(* Let $A\in\mathbb{R}^{m\times n}$ with $\operatorname{rk}(A)=m$ and $b\in\mathbb{R}^m$, and let $x$ be a basic (not necessarily nonnegative) solution of $Ax=b$, i.e. $Ax=b$ and $x_{[n]\setminus B}=\mathbb{0}$ for some $B\subseteq[n]$ such that the columns of $A_B$ form a basis. Then for every $z\in\mathbb{R}^n$ with $Az=b$, $\|x\|_\infty\le\kappa_A\|z\|_1$.
   Context: An elementary vector of $\ker(A)$ is a nonzero $g\in\ker(A)$ with inclusion-minimal support among nonzero vectors of $\ker(A)$. The circuit imbalance is $\kappa_A=\max\{|g_i|/|g_j|: g \text{ elementary},\ i,j\in\mathrm{supp}(g)\}$. *)

From HB Require Import structures.
From mathcomp Require Import all_boot all_order all_algebra.
From mathcomp Require Import boolp classical_sets reals.
Set Implicit Arguments. Unset Strict Implicit. Unset Printing Implicit Defensive.
Import Order.TTheory GRing.Theory Num.Theory.
Local Open Scope ring_scope.
Local Open Scope classical_set_scope.

Section Defs.
Variable R : realType.

Definition supp n (g : 'cV[R]_n) : {set 'I_n} := [set i | g i 0 != 0].

Definition elementary m n (A : 'M[R]_(m, n)) (g : 'cV[R]_n) : Prop :=
  [/\ g != 0, A *m g = 0 &
      forall h : 'cV[R]_n, h != 0 -> A *m h = 0 -> ~ (supp h \proper supp g)].

(* Convention: if ker(A) = {0} (no elementary vectors) we take kappa_A = 1;
   otherwise the max is always >= 1, so Num.max 1 _ does not change it. *)
Definition kappa m n (A : 'M[R]_(m, n)) : R :=
  Num.max 1 (sup [set r : R | exists g i j, [/\ elementary A g,
      i \in supp g, j \in supp g & r = `|g i 0| / `|g j 0|]]).

Definition colsB m n (A : 'M[R]_(m, n)) (B : {set 'I_n}) : 'M[R]_(m, #|B|) :=
  \matrix_(i < m, j < #|B|) A i (enum_val j).

Definition cols_basis m n (A : 'M[R]_(m, n)) (B : {set 'I_n}) : bool :=
  row_free (colsB A B)^T && row_full (colsB A B)^T.

Definition norm_inf n (x : 'cV[R]_n) : R := \big[Num.max/0]_(i < n) `|x i 0|.
Definition norm_one n (x : 'cV[R]_n) : R := \sum_(i < n) `|x i 0|.

End Defs.

(* Let B index a column basis of A.  Solving A_B y = A for y and padding with
   zero rows outside B gives a matrix G with A G = A; since x and G z are both
   supported on B and A x = A z = A (G z), independence of the columns of A_B
   forces x = G z.  For j outside B, the column G e_j - e_j lies in ker(A) and
   is supported on B + {j}; every kernel vector with smaller support would be
   supported on B, so it is elementary, and its entry -1 at j bounds every
   other entry |G_ij| by kappa_A.  For j in B, G e_j = e_j.  Hence
   |x_i| <= sum_j |G_ij| |z_j| <= kappa_A |z|_1. *)
From HB Require Import structures.
From mathcomp Require Import all_boot all_order all_algebra.
From mathcomp Require Import boolp classical_sets reals.
Import Order.TTheory GRing.Theory Num.Theory.
Local Open Scope ring_scope.

Lemma norm_inf_mulmx_le (R : realType) p q (M : 'M[R]_(p, q)) (z : 'cV[R]_q) k :
  0 <= k -> (forall i j, `|M i j| <= k) -> norm_inf (M *m z) <= k * norm_one z.
Proof.
move=> k0 Mk; apply: bigmax_le => [|i _]; first by rewrite mulr_ge0 ?sumr_ge0.
rewrite mxE mulr_sumr; apply: le_trans (ler_norm_sum _ _ _) _.
by apply: ler_sum => j _; rewrite normrM ler_wpM2r.
Qed.

Section CircuitImbalance.
Set Implicit Arguments.
Unset Strict Implicit.
Variables (R : realType) (m n : nat) (A : 'M[R]_(m, n)).

Lemma kappa_ge1 : 1 <= kappa A.
Proof. by rewrite /kappa le_max lexx. Qed.

Lemma elementary_supp_eq_scale (g g' : 'cV[R]_n) :
  elementary A g -> elementary A g' -> supp g = supp g' -> exists c, g' = c *: g.
Proof.
move=> [g0 Ag _] [_ Ag' minimal'] sgg'.
have [j gj] : exists j, g j 0 != 0.
  apply/existsP; apply: contraR g0; rewrite negb_exists => /forallP g0.
  by apply/eqP/matrixP => k l; rewrite (ord1 l) mxE; apply/eqP/negPn.
exists (g' j 0 / g j 0); apply/subr0_eq/eqP; apply: contraT => h0.
have Ah : A *m (g' - g' j 0 / g j 0 *: g) = 0.
  by rewrite mulmxBr -scalemxAr Ag Ag' scaler0 subr0.
case: (minimal' _ h0 Ah); apply/properP; split.
  apply/fintype.subsetP => k; rewrite !inE !mxE; apply: contraR; rewrite negbK => /eqP g'k.
  have : k \notin supp g by rewrite sgg' inE g'k eqxx.
  by rewrite inE negbK g'k => /eqP ->; rewrite mulr0 subr0.
by exists j; rewrite -?sgg' !inE // !mxE divfK // subrr eqxx.
Qed.

(* Elementary vectors with a given support are all proportional, so each of
   the finitely many (support, i, j) triples contributes a single ratio. *)
Lemma elementary_ratio_bounded :
  exists M, forall g i j, elementary A g -> `|g i 0| / `|g j 0| <= M.
Proof.
have bound_at (p : {set 'I_n} * 'I_n * 'I_n) : exists M : R,
    forall g, elementary A g -> supp g = p.1.1 -> `|g p.1.2 0| / `|g p.2 0| <= M.
  case: p => [[T i] j] /=.
  case: (pselect (exists g0, elementary A g0 /\ supp g0 = T)) => [[g0 [e0 s0]]|none].
    exists (`|g0 i 0| / `|g0 j 0|) => g eg sg.
    have [c ->] := elementary_supp_eq_scale e0 eg (etrans s0 (esym sg)).
    rewrite !mxE !normrM; have [->|c0] := eqVneq `|c| 0; first by rewrite !mul0r divr_ge0.
    by rewrite -mulf_div divff // mul1r.
  by exists 0 => g eg sg; case: none; exists g.
have [f fP] := choice bound_at.
exists (\sum_p `|f p|) => g i j eg.
apply: le_trans (fP (supp g, i, j) g eg erefl) _; apply: le_trans (ler_norm _) _.
by rewrite (bigD1 (supp g, i, j)) //= lerDl sumr_ge0.
Qed.

Lemma elementary_ratio_le_kappa (g : 'cV[R]_n) i j :
  elementary A g -> i \in supp g -> j \in supp g -> `|g i 0| / `|g j 0| <= kappa A.
Proof.
move=> eg ig jg; rewrite /kappa le_max; apply/orP; right.
have [M MP] := elementary_ratio_bounded.
apply: ub_le_sup; last by exists g, i, j.
by exists M => _ [h [a [b [eh _ _ ->]]]]; apply: MP.
Qed.

Variable B : {set 'I_n}.

Lemma colsB_free_ker_eq0 (v : 'cV[R]_n) : row_free (colsB A B)^T ->
  (forall i, i \notin B -> v i 0 = 0) -> A *m v = 0 -> v = 0.
Proof.
move=> freeB vB Av; pose c : 'cV[R]_#|B| := \col_l v (enum_val l) 0.
have Ac : colsB A B *m c = 0.
  apply/matrixP => r k; rewrite (ord1 k); transitivity ((A *m v) r 0); last first.
    by rewrite Av.
  rewrite !mxE [RHS](bigID (mem B)) /= [X in _ = _ + X]big1 ?addr0; last first.
    by move=> i /vB ->; rewrite mulr0.
  by rewrite [RHS]big_enum_val; apply: eq_bigr => l _; rewrite !mxE.
have c0 : c = 0.
  apply/trmx_inj/(row_free_inj freeB).
  by rewrite trmx0 mul0mx -trmx_mul Ac trmx0.
apply/matrixP => k j; rewrite (ord1 j) mxE.
have [kB|] := boolP (k \in B); last exact: vB.
by have := congr1 (fun M : 'cV_#|B| => M (enum_rank_in kB k) 0) c0; rewrite !mxE enum_rankK_in.
Qed.

Lemma exists_colsB_lift : row_full (colsB A B)^T ->
  exists G : 'M[R]_n, A *m G = A /\ forall k j, k \notin B -> G k j = 0.
Proof.
move=> /row_fullP[D AD1].
pose E : 'M[R]_(n, #|B|) := \matrix_(k, l) (k == enum_val l)%:R.
have AE : colsB A B = A *m E.
  apply/matrixP => r l; rewrite !mxE (bigD1 (enum_val l)) //= mxE eqxx mulr1.
  by rewrite big1 ?addr0 // => k /negbTE kl; rewrite mxE kl mulr0.
exists (E *m D^T *m A); split.
  by rewrite !mulmxA -AE -[colsB A B]trmxK -trmx_mul AD1 trmx1 mul1mx.
move=> k j kB; rewrite mxE big1 // => l _; rewrite mxE big1 ?mul0r // => l' _.
by rewrite mxE; case: eqP => [kl|]; [move: kB; rewrite kl enum_valP | rewrite mul0r].
Qed.

Lemma fundamental_circuit_elementary (g : 'cV[R]_n) j : row_free (colsB A B)^T ->
  j \notin B -> A *m g = 0 -> g j 0 != 0 ->
  (forall k, k \notin B -> k != j -> g k 0 = 0) -> elementary A g.
Proof.
move=> freeB jB Ag gj gout; split => //.
  by apply: contraNneq gj => ->; rewrite mxE.
move=> h h0 Ah /properP[/fintype.subsetP shg [k kg kh]].
pose c := h j 0 / g j 0.
have hcg : h - c *: g = 0.
  apply: colsB_free_ker_eq0 freeB _ _; last first.
    by rewrite mulmxBr -scalemxAr Ah Ag scaler0 subr0.
  move=> k' k'B; rewrite !mxE; have [->|k'j] := eqVneq k' j; first by rewrite divfK ?subrr.
  rewrite gout // mulr0 subr0; apply/eqP; apply: contraT => hk'.
  by have := shg k'; rewrite !inE gout // eqxx hk' => /(_ isT).
have c0 : c = 0.
  have := congr1 (fun M : 'cV_n => M k 0) hcg; rewrite !mxE.
  move: kh kg; rewrite !inE negbK => /eqP -> gk /eqP.
  by rewrite sub0r oppr_eq0 mulf_eq0 (negbTE gk) orbF => /eqP.
by move: hcg h0; rewrite c0 scale0r subr0 => ->; rewrite eqxx.
Qed.

Lemma colsB_lift_entry_le_kappa (G : 'M[R]_n) : row_free (colsB A B)^T ->
  A *m G = A -> (forall k j, k \notin B -> G k j = 0) ->
  forall i j, `|G i j| <= kappa A.
Proof.
move=> freeB AG G0 i j.
pose g : 'cV[R]_n := col j G - delta_mx j 0.
have gE k : g k 0 = G k j - (k == j)%:R by rewrite !mxE andbT.
have Ag : A *m g = 0 by rewrite mulmxBr colE mulmxA AG subrr.
have [jB|jB] := boolP (j \in B).
  have g0 : g = 0.
    apply: colsB_free_ker_eq0 freeB _ Ag => k kB.
    by rewrite gE G0 //; case: eqP kB => [->|_]; rewrite ?jB ?subr0.
  have := gE i; rewrite g0 mxE => /esym/subr0_eq ->.
  by apply: le_trans kappa_ge1; case: (i == j); rewrite ?normr1 ?normr0.
have [->|Gij] := eqVneq (G i j) 0; first by rewrite normr0 (le_trans ler01 kappa_ge1).
have gj : g j 0 = -1 by rewrite gE G0 // eqxx sub0r.
have gi : g i 0 = G i j.
  have [ij|/negbTE ij] := eqVneq i j; last by rewrite gE ij subr0.
  by move: Gij; rewrite ij G0 ?eqxx.
have eg : elementary A g.
  apply: fundamental_circuit_elementary freeB jB Ag _ _; first by rewrite gj oppr_eq0 oner_eq0.
  by move=> k kB /negbTE kj; rewrite gE G0 // kj subr0.
have := elementary_ratio_le_kappa eg (_ : i \in supp g) (_ : j \in supp g).
rewrite gi gj normrN normr1 divr1; apply; rewrite inE ?gi //.
by rewrite gj oppr_eq0 oner_eq0.
Qed.

End CircuitImbalance.

Theorem corollary2p8 (R : realType) (m n : nat) (A : 'M[R]_(m, n))
    (b : 'cV[R]_m) (x : 'cV[R]_n) :
  \rank A = m ->
  A *m x = b ->
  (exists B : {set 'I_n},
      cols_basis A B /\ (forall i : 'I_n, i \notin B -> x i 0 = 0)) ->
  forall z : 'cV[R]_n, A *m z = b -> norm_inf x <= kappa A * norm_one z.
Proof.
(* The rank condition is implied by the existence of a column basis. *)
move=> _ Ax [B [/andP[freeB fullB] xB]] z Az.
have [G [AG G0]] := exists_colsB_lift fullB.
have -> : x = G *m z.
  apply/subr0_eq/(colsB_free_ker_eq0 freeB).
    by move=> i iB; rewrite !mxE xB // big1 ?subr0 // => j _; rewrite G0 ?mul0r.
  by rewrite mulmxBr mulmxA AG Ax Az subrr.
apply: norm_inf_mulmx_le (le_trans ler01 (kappa_ge1 A)) _.
exact: colsB_lift_entry_le_kappa freeB AG G0.
Qed.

Task goal: Your whole answer should be one number, the count of lines in the records that hold "subrr".

Your response: 4